Technically this separation of $\frac{dy}{dx}$ is not mathematically valid. However, the resulting integration leads to correct answer.

The book also contains the following:

To solve a differential equation by separation of variables:

  • get all the $x$ values on one side and all the $y$ values on the other side by multiplication and division.
  • separate $\frac{dy}{dx}$ as if it were a fraction.
  • integrate both sides.

Note: This box doesn’t refer to a particular problem. It refers to a class of problems of differential equations which can be solved using the Method of Separation of Variables.

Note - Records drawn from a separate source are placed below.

(* Let $n\ge1$. Among the elements of $R$ whose binary representation has length $2n+5$, exactly one has binary representation beginning with $1000$, namely $[1000(10)^n0]_2$; moreover $[1000(10)^n0]_2$ is the smallest element of $R$ whose binary representation has length $2n+5$.
   Context: Stern's sequence $(a(n))_{n\ge0}$: $a(0)=0$, $a(1)=1$, $a(2n)=a(n)$, $a(2n+1)=a(n)+a(n+1)$; $s(n)=a(n+1)$. $R$ is the set of record-setters of $s$, i.e. indices $v\ge0$ with $s(i)<s(v)$ for all $i<v$. Binary representations have no leading zeros. For a binary string $x$, $[x]_2$ is the integer it represents in base 2; $x^i$ denotes $i$-fold concatenation. *)

From mathcomp Require Import all_boot.
Set Implicit Arguments. Unset Strict Implicit. Unset Printing Implicit Defensive.

(* Stern's diatomic sequence a(n), computed with fuel (fuel n suffices). *)
Fixpoint sternF (k n : nat) : nat :=
  match k with
  | 0 => 0
  | k'.+1 => if n <= 1 then n
             else if odd n then sternF k' n./2 + sternF k' n./2.+1
             else sternF k' n./2
  end.
Definition stern (n : nat) : nat := sternF n n.

Definition s (n : nat) : nat := stern n.+1.

Definition record_setter (v : nat) : Prop := forall i, i < v -> s i < s v.

(* binary representation, most significant bit first, no leading zeros *)
Fixpoint binF (k v : nat) : seq bool :=
  match k with
  | 0 => [::]
  | k'.+1 => if v is 0 then [::] else rcons (binF k' v./2) (odd v)
  end.
Definition bin_of (v : nat) : seq bool := binF v v.

Definition bin_val (x : seq bool) : nat := foldl (fun acc (b : bool) => acc.*2 + nat_of_bool b) 0 x.

Definition w_str (n : nat) : seq bool :=
  [:: true; false; false; false] ++ flatten (nseq n [:: true; false]) ++ [:: false].

Definition pre1000 : seq bool := [:: true; false; false; false].

From mathcomp Require Import all_boot zify.
Set Implicit Arguments. Unset Strict Implicit. Unset Printing Implicit Defensive.

(* Reading the binary digits of v from the most significant one, the pair
   (a(v), a(v+1)) evolves by (p, q) -> (p + q, q) on a 1 and (p, q) -> (p, p + q)
   on a 0, starting from (0, 1).  After the prefix 1000 the pair is (1, 4), and
   each further block 10 acts by a Fibonacci matrix.  A string of length L can
   reach at most F(L+1), attained by (10)^k, so every index below 2^(2n+4) has
   s-value at most F(2n+5), which s([1000(10)^n 0]_2) exceeds.  Comparing the
   remaining strings 1000 z of length 2n+5 with 1000(10)^n 0 at their first
   difference shows that each is either larger with a smaller s-value, or has
   s-value at most F(2n+5) and so is beaten by [(10)^(n+2)]_2 < 2^(2n+4). *)

Lemma sternF_fuel k k' n : n <= k -> n <= k' -> sternF k n = sternF k' n.
Proof.
elim: k k' n => [|k IH] [|k'] n le_n_k le_n_k'; try by rewrite (_ : n = 0) //; lia.
rewrite /=; case: ifP => // n_gt1; case: ifP => odd_n.
  by rewrite (IH k' n./2) ?(IH k' n./2.+1) //; lia.
by rewrite (IH k' n./2) //; lia.
Qed.

Lemma stern_half n : 2 <= n ->
  stern n = if odd n then stern n./2 + stern n./2.+1 else stern n./2.
Proof.
case: n => [|k] // le2k; rewrite {1}/stern /= /stern uphalf_half.
have -> : (k.+1 <= 1) = false by lia.
set h := odd k + k./2; case: ifP => even_k.
  by rewrite (@sternF_fuel k h h) ?(@sternF_fuel k h.+1 h.+1) // /h; lia.
by rewrite (@sternF_fuel k h h) // /h; lia.
Qed.

Lemma stern_double m : stern m.*2 = stern m.
Proof. by case: m => [|m] //; rewrite stern_half ?odd_double ?doubleK //; lia. Qed.

Lemma stern_doubleS m : stern m.*2.+1 = stern m + stern m.+1.
Proof.
case: m => [|m] //; rewrite stern_half; last by lia.
by rewrite oddS odd_double (_ : (m.+1).*2.+1./2 = m.+1) //; lia.
Qed.

Lemma binF_fuel k k' v : v <= k -> v <= k' -> binF k v = binF k' v.
Proof.
elim: k k' v => [|k IH] [|k'] [|v] //= le_v_k le_v_k'; try lia.
by rewrite (IH k') // uphalf_half; lia.
Qed.

Lemma bin_of_half v : 0 < v -> bin_of v = rcons (bin_of v./2) (odd v).
Proof.
by case: v => [|v] // _; rewrite {1}/bin_of /= /bin_of (@binF_fuel v (v.+1)./2) //; lia.
Qed.

Lemma bin_val_rcons x b : bin_val (rcons x b) = (bin_val x).*2 + b.
Proof. by rewrite /bin_val -cats1 foldl_cat. Qed.

Lemma bin_val_cat x y : bin_val (x ++ y) = bin_val x * 2 ^ size y + bin_val y.
Proof.
elim/last_ind: y => [|y b IH]; first by rewrite cats0 muln1 addn0.
by rewrite -rcons_cat !bin_val_rcons IH size_rcons expnS; lia.
Qed.

Lemma bin_val_cons b y : bin_val (b :: y) = b * 2 ^ size y + bin_val y.
Proof. by rewrite -cat1s bin_val_cat; case: b. Qed.

Lemma bin_val_lt x : bin_val x < 2 ^ size x.
Proof.
by elim/last_ind: x => [|x b IH] //; rewrite bin_val_rcons size_rcons expnS; case: b; lia.
Qed.

Lemma bin_ofK v : bin_val (bin_of v) = v.
Proof.
elim/ltn_ind: v => v IH; case: (posnP v) => [-> //|v_gt0].
by rewrite bin_of_half // bin_val_rcons IH; lia.
Qed.

Lemma bin_valK x : bin_of (bin_val (true :: x)) = true :: x.
Proof.
elim/last_ind: x => [|x b IH] //.
have pos : 0 < bin_val (true :: x) by rewrite bin_val_cons /=; have := expn_gt0 2 (size x); lia.
rewrite -rcons_cons bin_val_rcons bin_of_half; last by lia.
have -> : ((bin_val (true :: x)).*2 + b)./2 = bin_val (true :: x) by case: b; lia.
by rewrite oddD odd_double IH; case: b.
Qed.

Lemma size_bin_of_leq v k : (size (bin_of v) <= k) = (v < 2 ^ k).
Proof.
apply/idP/idP => [le_size|].
  by rewrite -(bin_ofK v); apply: leq_trans (bin_val_lt _) _; rewrite leq_exp2l.
elim: k v => [|k IH] v; first by rewrite expn0 ltnS leqn0 => /eqP->.
case: (posnP v) => [-> //|v_gt0] lt_v; rewrite bin_of_half // size_rcons ltnS IH //.
by rewrite expnS in lt_v; lia.
Qed.

Lemma size_bin_of_eq v L : (size (bin_of v) == L.+1) = (2 ^ L <= v < 2 ^ L.+1).
Proof.
rewrite eqn_leq size_bin_of_leq andbC; congr (_ && _).
by rewrite leqNgt ltnS size_bin_of_leq -leqNgt.
Qed.

Lemma bin_val_cat_ltn p x y : size x = size y ->
  bin_val (p ++ false :: x) < bin_val (p ++ true :: y).
Proof.
move=> eq_size; rewrite !bin_val_cat /= eq_size ltn_add2l !bin_val_cons /= eq_size.
by have := bin_val_lt x; rewrite eq_size; lia.
Qed.

Lemma bin_of_prefix1000 v m : size (bin_of v) = m + 4 -> v < 9 * 2 ^ m ->
  prefix pre1000 (bin_of v).
Proof.
move=> size_v lt_v.
have lo : 2 ^ m.+3 <= v by rewrite leqNgt -size_bin_of_leq size_v; lia.
move: size_v lt_v lo; rewrite -{2 3}(bin_ofK v).
case: (bin_of v) => [|b0 [|b1 [|b2 [|b3 z]]]] //= size_v lt_v lo; try lia.
have {}size_v : size z = m by lia.
have := bin_val_lt z; rewrite !bin_val_cons /= size_v !expnS in lt_v lo *.
by case: b0 b1 b2 b3 lt_v lo => [] [] [] [] /= lt_v lo; rewrite ?prefix_prefix //; lia.
Qed.

Definition stern_step (st : nat * nat) (b : bool) : nat * nat :=
  if b then (st.1 + st.2, st.2) else (st.1, st.1 + st.2).

Definition stern_run (st : nat * nat) (x : seq bool) : nat * nat := foldl stern_step st x.

Lemma stern_run_cat st x y : stern_run st (x ++ y) = stern_run (stern_run st x) y.
Proof. exact: foldl_cat. Qed.

Lemma stern_run_bin_val x :
  stern_run (0, 1) x = (stern (bin_val x), stern (bin_val x).+1).
Proof.
elim/last_ind: x => [|x b IH] //.
rewrite -cats1 stern_run_cat IH cats1 bin_val_rcons.
case: b; rewrite /= /stern_step /=.
  by rewrite addn1 stern_doubleS -doubleS stern_double.
by rewrite addn0 stern_double stern_doubleS.
Qed.

Lemma s_bin_val_cat x y : s (bin_val (x ++ y)) = (stern_run (stern_run (0, 1) x) y).2.
Proof. by rewrite -stern_run_cat stern_run_bin_val. Qed.

Fixpoint fib n := if n is (m.+1 as p).+1 then fib p + fib m else n.

Lemma fibSS n : fib n.+2 = fib n.+1 + fib n.
Proof. by []. Qed.

Lemma leq_fibS n : fib n <= fib n.+1.
Proof. by case: n => // n; rewrite fibSS leq_addr. Qed.

Lemma leq_fib m n : m <= n -> fib m <= fib n.
Proof.
move=> le_mn; rewrite -(subnK le_mn); elim: (n - m) => // d IH.
exact: leq_trans IH (leq_fibS _).
Qed.

Lemma fib_gt0 n : 0 < n -> 0 < fib n.
Proof. by move=> n_gt0; apply: leq_trans (leq_fib n_gt0). Qed.

Lemma fibD m n : fib (m + n).+1 = fib m.+1 * fib n.+1 + fib m * fib n.
Proof.
suff: fib (m + n).+1 = fib m.+1 * fib n.+1 + fib m * fib n /\
      fib (m.+1 + n).+1 = fib m.+2 * fib n.+1 + fib m.+1 * fib n by case.
elim: m => [|m [IH IH']].
  by rewrite add0n add1n fibSS -[fib 2]/1 -[fib 1]/1 -[fib 0]/0; split; lia.
split=> //; rewrite !addSn fibSS -addSn IH' IH (fibSS m.+1) (fibSS m); lia.
Qed.

Lemma fib_double_leq k : 3 * fib k.*2 <= 2 * fib k.*2.+1.
Proof.
case: k => [|k] //; rewrite (_ : (k.+1).*2 = k.*2.+2); last by lia.
by rewrite !fibSS; have := leq_fibS k.*2; lia.
Qed.

(* One step turns the bounds (max <= M, min <= m) into (M + m, M). *)
Lemma stern_run_leq_fib y p q M m : p <= M -> q <= M -> minn p q <= m ->
  (stern_run (p, q) y).1 <= fib (size y).+1 * M + fib (size y) * m /\
  (stern_run (p, q) y).2 <= fib (size y).+1 * M + fib (size y) * m.
Proof.
elim: y p q M m => [|b y IH] p q M m le_pM le_qM le_min; first by rewrite /=; lia.
rewrite (_ : stern_run _ (b :: y) = stern_run (stern_step (p, q) b) y) // [size _]/= fibSS.
have := IH _ _ (M + m) M; case: b => IHb; rewrite [stern_step _ _]/=.
  by have := IHb (p + q) q; lia.
by have := IHb p (p + q); lia.
Qed.

Lemma s_leq_fib i N : size (bin_of i) <= N -> s i <= fib N.+1.
Proof.
move=> le_size; rewrite -(bin_ofK i) -[bin_of i]cat0s s_bin_val_cat.
have [_ le_s] := @stern_run_leq_fib (bin_of i) 0 1 1 0 (leq0n _) (leqnn _) (leqnn _).
by apply: leq_trans le_s _; rewrite muln1 muln0 addn0 leq_fib.
Qed.

Definition alt m : seq bool := flatten (nseq m [:: true; false]).

Lemma altS m : alt m.+1 = [:: true, false & alt m].
Proof. by []. Qed.

Lemma size_alt m : size (alt m) = m.*2.
Proof. by elim: m => //= m ->. Qed.

Lemma alt_add k j : alt (k + j) = alt k ++ alt j.
Proof. by elim: k => // k IH; rewrite addSn !altS IH. Qed.

Lemma stern_run_alt p q j : stern_run (p, q) (alt j.+1) =
  (p * fib j.*2.+1 + q * fib j.*2.+2, p * fib j.*2.+2 + q * fib j.*2.+3).
Proof.
elim: j p q => [|j IH] p q; first by rewrite /stern_run /stern_step /=; f_equal; lia.
rewrite altS -[[:: true, false & _]]/([:: true; false] ++ _) stern_run_cat IH.
rewrite [stern_step _ _]/= [(_, _).1]/= [(_, _).2]/= doubleS !fibSS.
by f_equal; lia.
Qed.

Lemma s_bin_val_alt m : s (bin_val (alt m)) = fib m.*2.+1.
Proof.
case: m => [|m] //.
by rewrite -[alt _]cat0s s_bin_val_cat stern_run_alt doubleS !mul0n !mul1n !add0n.
Qed.

Lemma stern_run_pre1000_alt k : stern_run (0, 1) (pre1000 ++ alt k) =
  (fib k.*2.+2 + 2 * fib k.*2, fib k.*2.+3 + 2 * fib k.*2.+1).
Proof.
rewrite stern_run_cat (_ : stern_run (0, 1) pre1000 = (1, 4)) //.
by case: k => [|k] //; rewrite stern_run_alt doubleS !fibSS; f_equal; lia.
Qed.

My high school mathematics teacher told me that this is the most fundamental way to solve differential equations but the textbook says it is not mathematically valid. I am not able to understand why are certain methods being followed without having a mathematical proof. Or am I wrong?

Answer

The problem with this form of separation of variables (I say “this form” because “separation of variables” can refer to multiple things) is that treating the derivative $dy/dx$ as a ratio is a purely formal algebraic manipulation. There is a way to arrive at the same results in a rigorous fashion, but textbooks often don’t address this.

To elaborate, separation of variables in ODEs most commonly refers to a method of solving the ODE
$$
\frac{dy}{dx} = g(x)h(y)
$$
for the unknown function $y(x)$. Introductory textbooks often tell you to split the “fraction” $dy/dx”$ and unite common variables, like so:
$$
\frac{dy}{h(y)} = g(x)dx
$$
and then integrate both sides, as long as $h(y)\neq 0$, to obtain
$$
H(y(x)) = \int g(x)~dx + C,
$$
where $H(y)$ is an antiderivative of $\frac{1}{h(y)}$.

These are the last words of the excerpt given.